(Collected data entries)
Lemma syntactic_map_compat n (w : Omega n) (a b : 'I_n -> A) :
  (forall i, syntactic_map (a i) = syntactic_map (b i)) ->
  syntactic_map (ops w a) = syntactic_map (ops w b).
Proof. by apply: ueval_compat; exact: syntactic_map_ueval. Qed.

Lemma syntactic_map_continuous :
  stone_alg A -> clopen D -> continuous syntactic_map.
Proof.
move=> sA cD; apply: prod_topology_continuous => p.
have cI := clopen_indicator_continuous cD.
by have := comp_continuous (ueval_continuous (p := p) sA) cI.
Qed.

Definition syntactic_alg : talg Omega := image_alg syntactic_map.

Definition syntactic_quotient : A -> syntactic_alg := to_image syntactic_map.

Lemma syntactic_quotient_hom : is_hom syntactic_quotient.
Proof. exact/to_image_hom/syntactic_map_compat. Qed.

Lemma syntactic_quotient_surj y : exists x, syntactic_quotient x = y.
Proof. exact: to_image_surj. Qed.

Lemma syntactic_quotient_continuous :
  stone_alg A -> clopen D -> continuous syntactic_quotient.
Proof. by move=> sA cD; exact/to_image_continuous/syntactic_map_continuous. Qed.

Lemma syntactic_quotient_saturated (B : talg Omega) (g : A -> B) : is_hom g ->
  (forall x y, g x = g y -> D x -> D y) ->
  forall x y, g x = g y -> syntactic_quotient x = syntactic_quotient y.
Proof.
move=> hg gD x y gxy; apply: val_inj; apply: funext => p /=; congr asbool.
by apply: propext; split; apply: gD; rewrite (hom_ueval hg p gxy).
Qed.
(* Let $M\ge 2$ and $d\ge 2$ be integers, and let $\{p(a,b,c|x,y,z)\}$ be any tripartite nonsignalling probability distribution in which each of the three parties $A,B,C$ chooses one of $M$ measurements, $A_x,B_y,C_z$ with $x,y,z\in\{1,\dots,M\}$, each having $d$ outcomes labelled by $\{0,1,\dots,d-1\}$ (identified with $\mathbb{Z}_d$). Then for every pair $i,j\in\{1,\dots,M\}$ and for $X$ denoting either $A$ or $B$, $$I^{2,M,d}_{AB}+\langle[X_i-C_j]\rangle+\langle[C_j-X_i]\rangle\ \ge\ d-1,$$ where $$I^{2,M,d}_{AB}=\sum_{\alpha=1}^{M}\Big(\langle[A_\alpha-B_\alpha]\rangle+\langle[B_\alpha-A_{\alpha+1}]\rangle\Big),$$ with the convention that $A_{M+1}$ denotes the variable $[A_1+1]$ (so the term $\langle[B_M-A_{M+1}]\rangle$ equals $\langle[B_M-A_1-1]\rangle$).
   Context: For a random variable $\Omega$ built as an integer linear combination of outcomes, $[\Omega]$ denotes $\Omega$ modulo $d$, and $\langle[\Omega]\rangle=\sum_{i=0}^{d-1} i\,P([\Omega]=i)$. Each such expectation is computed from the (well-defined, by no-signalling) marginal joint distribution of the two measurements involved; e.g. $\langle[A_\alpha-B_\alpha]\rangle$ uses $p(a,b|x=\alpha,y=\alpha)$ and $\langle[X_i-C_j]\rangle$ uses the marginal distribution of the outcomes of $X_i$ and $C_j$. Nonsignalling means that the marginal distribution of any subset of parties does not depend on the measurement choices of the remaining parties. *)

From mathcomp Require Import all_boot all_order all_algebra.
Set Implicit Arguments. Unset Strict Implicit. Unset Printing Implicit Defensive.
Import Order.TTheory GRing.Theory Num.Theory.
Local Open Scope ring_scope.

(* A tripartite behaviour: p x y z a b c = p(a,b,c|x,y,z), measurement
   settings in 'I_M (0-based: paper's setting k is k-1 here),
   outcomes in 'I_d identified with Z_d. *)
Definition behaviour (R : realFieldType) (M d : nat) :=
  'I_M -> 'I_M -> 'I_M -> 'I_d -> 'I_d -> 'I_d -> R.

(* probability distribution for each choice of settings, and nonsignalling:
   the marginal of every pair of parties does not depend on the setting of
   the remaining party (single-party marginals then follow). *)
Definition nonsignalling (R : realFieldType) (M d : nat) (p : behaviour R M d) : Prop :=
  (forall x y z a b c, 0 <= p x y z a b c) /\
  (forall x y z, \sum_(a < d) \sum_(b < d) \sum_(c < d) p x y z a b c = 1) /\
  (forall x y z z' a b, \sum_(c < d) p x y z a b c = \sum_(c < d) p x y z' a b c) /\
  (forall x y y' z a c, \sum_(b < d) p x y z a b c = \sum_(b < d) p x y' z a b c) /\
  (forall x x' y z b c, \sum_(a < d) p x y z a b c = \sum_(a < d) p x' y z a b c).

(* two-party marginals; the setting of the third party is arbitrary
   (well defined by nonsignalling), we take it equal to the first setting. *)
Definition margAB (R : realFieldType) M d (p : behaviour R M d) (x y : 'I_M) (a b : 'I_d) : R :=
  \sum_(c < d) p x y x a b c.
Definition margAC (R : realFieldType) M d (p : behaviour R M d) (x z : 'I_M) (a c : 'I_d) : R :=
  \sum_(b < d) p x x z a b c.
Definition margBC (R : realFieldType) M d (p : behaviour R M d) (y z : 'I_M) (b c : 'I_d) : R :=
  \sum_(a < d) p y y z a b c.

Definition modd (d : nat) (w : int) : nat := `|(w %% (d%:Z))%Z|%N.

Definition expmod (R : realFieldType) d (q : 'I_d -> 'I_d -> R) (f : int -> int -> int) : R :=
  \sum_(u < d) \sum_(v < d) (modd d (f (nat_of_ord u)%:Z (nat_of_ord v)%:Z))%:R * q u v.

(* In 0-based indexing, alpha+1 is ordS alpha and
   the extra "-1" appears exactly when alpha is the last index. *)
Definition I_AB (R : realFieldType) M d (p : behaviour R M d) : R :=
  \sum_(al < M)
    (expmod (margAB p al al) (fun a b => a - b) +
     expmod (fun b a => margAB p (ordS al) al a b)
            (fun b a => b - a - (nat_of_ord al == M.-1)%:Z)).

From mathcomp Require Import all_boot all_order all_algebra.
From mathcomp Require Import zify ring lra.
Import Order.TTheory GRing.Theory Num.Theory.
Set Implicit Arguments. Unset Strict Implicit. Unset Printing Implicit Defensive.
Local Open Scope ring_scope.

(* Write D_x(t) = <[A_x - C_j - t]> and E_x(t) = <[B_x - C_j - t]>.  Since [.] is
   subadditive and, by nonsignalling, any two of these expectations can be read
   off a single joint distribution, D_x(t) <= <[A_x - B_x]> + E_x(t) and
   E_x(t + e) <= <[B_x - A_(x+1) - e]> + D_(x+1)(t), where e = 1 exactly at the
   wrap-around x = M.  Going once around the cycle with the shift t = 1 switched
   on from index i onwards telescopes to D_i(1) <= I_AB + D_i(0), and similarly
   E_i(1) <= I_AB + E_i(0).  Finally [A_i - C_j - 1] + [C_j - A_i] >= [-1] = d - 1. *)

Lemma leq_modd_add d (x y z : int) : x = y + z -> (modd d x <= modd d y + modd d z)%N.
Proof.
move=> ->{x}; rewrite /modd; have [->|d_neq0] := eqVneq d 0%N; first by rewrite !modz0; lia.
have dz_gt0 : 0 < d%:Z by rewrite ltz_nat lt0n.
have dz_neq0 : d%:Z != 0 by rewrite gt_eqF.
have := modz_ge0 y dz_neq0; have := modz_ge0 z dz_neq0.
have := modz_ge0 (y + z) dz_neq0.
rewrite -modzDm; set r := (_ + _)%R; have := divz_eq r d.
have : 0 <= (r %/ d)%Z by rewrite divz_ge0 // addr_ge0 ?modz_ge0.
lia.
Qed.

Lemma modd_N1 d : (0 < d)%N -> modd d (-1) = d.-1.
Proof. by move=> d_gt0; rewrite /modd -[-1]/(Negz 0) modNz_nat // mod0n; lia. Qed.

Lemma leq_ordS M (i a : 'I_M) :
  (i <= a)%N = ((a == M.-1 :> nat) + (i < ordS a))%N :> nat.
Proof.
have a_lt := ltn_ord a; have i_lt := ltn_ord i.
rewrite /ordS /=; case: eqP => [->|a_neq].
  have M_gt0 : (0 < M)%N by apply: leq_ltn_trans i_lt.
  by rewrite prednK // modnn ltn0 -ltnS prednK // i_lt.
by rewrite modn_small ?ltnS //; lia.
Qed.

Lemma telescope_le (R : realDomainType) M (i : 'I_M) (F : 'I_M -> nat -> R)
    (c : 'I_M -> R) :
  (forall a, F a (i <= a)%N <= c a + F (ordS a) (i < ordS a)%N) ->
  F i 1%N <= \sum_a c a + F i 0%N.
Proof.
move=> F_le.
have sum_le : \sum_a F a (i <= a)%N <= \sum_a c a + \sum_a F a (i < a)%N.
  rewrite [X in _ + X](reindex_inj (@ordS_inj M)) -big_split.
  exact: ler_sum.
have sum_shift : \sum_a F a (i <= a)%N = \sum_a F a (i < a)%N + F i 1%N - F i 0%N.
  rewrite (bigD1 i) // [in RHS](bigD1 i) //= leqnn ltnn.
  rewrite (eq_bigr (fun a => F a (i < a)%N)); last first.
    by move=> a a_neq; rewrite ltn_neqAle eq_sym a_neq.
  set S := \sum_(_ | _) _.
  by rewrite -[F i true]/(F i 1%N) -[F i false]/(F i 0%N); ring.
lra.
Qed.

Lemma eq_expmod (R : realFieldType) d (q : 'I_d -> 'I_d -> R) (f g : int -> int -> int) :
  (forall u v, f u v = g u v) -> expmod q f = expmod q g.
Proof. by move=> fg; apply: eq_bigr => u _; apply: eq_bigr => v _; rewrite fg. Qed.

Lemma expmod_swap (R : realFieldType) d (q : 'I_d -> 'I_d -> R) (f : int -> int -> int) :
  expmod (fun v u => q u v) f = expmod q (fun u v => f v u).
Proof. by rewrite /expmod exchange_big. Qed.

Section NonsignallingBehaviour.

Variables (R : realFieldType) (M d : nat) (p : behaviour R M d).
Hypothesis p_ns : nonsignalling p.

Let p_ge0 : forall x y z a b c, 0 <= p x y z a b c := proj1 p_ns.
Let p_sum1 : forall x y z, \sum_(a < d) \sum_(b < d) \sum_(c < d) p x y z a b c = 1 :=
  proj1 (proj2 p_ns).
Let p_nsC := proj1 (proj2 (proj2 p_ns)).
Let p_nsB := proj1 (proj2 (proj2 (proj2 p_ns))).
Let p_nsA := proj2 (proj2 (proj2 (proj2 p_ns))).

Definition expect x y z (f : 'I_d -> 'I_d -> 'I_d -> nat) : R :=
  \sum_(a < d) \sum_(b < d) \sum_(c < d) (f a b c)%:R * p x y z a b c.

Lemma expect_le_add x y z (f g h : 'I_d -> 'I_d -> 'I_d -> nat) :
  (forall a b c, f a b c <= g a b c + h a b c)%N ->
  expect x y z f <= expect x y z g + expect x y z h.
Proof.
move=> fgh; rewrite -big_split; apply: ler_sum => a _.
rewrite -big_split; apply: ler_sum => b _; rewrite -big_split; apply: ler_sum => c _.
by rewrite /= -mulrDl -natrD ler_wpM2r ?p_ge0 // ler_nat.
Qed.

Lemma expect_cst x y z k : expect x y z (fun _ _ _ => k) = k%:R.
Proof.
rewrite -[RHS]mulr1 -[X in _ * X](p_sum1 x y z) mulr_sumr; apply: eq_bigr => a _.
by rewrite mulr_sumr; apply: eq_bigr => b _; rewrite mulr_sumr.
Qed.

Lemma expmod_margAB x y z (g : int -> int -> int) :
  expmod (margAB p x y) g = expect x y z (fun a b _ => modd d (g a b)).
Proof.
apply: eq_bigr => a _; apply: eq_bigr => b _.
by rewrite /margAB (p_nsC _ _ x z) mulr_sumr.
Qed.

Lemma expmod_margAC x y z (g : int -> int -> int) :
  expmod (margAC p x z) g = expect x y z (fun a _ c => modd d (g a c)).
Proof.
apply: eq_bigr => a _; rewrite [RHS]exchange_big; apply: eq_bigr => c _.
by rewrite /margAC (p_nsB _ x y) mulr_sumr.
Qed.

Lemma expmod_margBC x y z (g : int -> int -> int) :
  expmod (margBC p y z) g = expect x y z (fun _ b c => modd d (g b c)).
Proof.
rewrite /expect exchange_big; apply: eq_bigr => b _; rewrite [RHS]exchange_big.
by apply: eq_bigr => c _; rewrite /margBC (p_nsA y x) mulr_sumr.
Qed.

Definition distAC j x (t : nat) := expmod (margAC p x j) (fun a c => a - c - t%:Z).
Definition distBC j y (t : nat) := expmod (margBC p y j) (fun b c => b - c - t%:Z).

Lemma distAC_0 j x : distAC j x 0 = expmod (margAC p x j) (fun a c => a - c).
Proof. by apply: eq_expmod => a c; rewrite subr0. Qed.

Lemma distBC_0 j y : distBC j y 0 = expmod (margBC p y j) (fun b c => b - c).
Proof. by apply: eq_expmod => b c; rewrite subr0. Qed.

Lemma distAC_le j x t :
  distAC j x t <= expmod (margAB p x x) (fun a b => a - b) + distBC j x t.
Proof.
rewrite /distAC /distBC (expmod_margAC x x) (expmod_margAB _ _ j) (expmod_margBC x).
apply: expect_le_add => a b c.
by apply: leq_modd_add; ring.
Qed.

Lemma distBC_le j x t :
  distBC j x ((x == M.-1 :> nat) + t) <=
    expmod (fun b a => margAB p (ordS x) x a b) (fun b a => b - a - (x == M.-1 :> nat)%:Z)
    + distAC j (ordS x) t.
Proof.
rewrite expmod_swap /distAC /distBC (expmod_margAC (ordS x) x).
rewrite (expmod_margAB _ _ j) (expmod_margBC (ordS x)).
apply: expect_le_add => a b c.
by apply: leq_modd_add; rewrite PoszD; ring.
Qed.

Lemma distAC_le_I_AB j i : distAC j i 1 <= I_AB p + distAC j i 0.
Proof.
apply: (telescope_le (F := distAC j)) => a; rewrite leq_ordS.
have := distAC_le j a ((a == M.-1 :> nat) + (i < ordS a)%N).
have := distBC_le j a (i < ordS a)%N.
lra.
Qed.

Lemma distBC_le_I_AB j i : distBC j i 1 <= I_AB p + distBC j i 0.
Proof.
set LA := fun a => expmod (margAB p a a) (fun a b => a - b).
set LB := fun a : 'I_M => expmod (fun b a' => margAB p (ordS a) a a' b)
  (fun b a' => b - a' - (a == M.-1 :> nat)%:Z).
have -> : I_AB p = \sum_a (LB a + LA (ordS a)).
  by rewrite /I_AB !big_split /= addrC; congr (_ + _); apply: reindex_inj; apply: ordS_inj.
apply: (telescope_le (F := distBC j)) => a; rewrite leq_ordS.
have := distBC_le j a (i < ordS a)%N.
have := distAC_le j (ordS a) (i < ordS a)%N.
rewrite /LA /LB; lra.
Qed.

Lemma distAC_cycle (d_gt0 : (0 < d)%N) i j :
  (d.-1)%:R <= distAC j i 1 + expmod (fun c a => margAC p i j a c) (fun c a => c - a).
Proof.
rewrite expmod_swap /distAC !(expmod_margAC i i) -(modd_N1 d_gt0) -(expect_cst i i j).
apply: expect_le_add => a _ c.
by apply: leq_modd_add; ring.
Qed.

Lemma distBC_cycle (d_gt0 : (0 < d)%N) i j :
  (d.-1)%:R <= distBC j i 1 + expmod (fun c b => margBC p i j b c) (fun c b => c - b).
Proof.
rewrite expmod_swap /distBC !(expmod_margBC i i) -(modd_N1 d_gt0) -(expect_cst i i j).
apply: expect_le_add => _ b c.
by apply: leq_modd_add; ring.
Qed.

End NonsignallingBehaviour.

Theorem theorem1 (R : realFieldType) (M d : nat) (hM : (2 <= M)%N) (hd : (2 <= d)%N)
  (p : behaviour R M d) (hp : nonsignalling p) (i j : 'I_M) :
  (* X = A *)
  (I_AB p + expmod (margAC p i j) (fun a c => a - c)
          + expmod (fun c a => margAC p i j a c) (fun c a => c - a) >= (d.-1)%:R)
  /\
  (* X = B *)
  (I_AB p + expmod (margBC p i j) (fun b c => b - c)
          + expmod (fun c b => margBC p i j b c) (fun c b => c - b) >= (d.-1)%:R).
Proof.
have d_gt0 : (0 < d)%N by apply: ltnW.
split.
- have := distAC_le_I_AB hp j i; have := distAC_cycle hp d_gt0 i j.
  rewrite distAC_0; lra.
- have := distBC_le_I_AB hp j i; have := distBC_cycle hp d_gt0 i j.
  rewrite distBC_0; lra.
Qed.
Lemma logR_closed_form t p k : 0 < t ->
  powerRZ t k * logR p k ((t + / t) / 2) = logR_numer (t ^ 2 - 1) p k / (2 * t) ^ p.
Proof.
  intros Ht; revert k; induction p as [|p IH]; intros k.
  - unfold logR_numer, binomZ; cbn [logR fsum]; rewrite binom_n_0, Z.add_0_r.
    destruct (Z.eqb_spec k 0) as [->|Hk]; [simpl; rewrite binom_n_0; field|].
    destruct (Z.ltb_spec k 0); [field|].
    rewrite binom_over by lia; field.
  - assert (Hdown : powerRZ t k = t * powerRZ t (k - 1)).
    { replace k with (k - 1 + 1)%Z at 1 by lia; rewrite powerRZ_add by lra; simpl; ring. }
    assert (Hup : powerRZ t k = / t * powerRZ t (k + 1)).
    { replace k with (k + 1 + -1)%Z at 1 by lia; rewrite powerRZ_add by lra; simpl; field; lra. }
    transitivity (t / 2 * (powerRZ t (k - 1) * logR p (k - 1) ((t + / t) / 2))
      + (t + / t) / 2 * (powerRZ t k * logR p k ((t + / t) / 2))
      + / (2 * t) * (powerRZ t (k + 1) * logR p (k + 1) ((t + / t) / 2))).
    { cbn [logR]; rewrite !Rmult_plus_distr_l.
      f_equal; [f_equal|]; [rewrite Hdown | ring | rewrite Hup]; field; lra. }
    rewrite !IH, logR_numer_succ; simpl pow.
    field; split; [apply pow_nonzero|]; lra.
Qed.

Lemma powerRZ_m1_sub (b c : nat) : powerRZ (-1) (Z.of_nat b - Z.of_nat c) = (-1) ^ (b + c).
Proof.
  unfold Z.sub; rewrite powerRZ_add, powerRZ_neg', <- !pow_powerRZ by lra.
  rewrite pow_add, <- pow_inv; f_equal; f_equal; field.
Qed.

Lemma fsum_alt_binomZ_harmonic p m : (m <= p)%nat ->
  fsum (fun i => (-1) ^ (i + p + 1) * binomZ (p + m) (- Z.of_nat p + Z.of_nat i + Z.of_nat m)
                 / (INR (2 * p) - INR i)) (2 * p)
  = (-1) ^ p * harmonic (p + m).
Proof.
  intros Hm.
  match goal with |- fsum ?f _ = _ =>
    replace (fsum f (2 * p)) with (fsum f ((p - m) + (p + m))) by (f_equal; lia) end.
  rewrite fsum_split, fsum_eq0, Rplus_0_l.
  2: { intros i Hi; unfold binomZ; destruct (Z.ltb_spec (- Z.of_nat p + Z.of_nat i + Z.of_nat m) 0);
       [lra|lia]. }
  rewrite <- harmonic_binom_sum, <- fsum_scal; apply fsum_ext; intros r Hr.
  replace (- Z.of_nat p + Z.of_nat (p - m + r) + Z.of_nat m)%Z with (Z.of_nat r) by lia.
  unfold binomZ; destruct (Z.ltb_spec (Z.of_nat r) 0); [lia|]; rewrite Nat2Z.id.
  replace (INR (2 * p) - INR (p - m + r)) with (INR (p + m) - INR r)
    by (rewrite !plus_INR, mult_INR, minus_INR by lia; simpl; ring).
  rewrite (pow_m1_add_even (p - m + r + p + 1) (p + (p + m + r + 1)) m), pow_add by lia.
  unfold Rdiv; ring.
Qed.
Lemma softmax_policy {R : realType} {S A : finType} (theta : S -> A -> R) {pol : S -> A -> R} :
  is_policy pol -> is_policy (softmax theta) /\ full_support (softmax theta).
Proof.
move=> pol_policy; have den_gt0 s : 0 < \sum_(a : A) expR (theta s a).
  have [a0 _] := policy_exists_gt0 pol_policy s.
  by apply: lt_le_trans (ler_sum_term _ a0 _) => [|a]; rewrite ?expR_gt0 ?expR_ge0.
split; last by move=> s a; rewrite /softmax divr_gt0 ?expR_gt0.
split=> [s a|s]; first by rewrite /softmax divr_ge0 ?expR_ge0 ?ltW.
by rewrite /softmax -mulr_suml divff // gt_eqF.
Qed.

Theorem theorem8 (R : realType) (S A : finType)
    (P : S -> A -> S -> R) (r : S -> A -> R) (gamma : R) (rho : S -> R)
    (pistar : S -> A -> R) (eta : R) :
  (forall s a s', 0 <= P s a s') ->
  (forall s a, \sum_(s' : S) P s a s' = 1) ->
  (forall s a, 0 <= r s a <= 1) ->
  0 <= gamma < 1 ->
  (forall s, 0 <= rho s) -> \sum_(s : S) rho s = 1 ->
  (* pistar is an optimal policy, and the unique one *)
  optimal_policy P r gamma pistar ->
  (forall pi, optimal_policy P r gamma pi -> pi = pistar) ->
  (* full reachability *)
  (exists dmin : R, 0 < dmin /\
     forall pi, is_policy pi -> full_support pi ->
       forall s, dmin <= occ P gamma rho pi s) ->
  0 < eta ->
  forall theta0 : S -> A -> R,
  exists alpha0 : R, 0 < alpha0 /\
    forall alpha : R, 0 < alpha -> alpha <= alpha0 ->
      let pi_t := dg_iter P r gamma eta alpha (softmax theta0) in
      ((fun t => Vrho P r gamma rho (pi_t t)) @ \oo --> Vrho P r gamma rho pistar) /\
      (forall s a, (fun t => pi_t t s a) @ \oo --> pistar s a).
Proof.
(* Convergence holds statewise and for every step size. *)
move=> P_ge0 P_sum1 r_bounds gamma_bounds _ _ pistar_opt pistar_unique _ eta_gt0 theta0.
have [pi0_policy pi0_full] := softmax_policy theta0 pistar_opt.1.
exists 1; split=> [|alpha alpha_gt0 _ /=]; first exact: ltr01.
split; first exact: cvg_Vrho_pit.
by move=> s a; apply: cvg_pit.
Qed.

What you have to do >>
Filter the entries down to the lines that hold "NonsignallingBehaviour". Copy those lines.

Answer to the problem >>
Section NonsignallingBehaviour.
End NonsignallingBehaviour.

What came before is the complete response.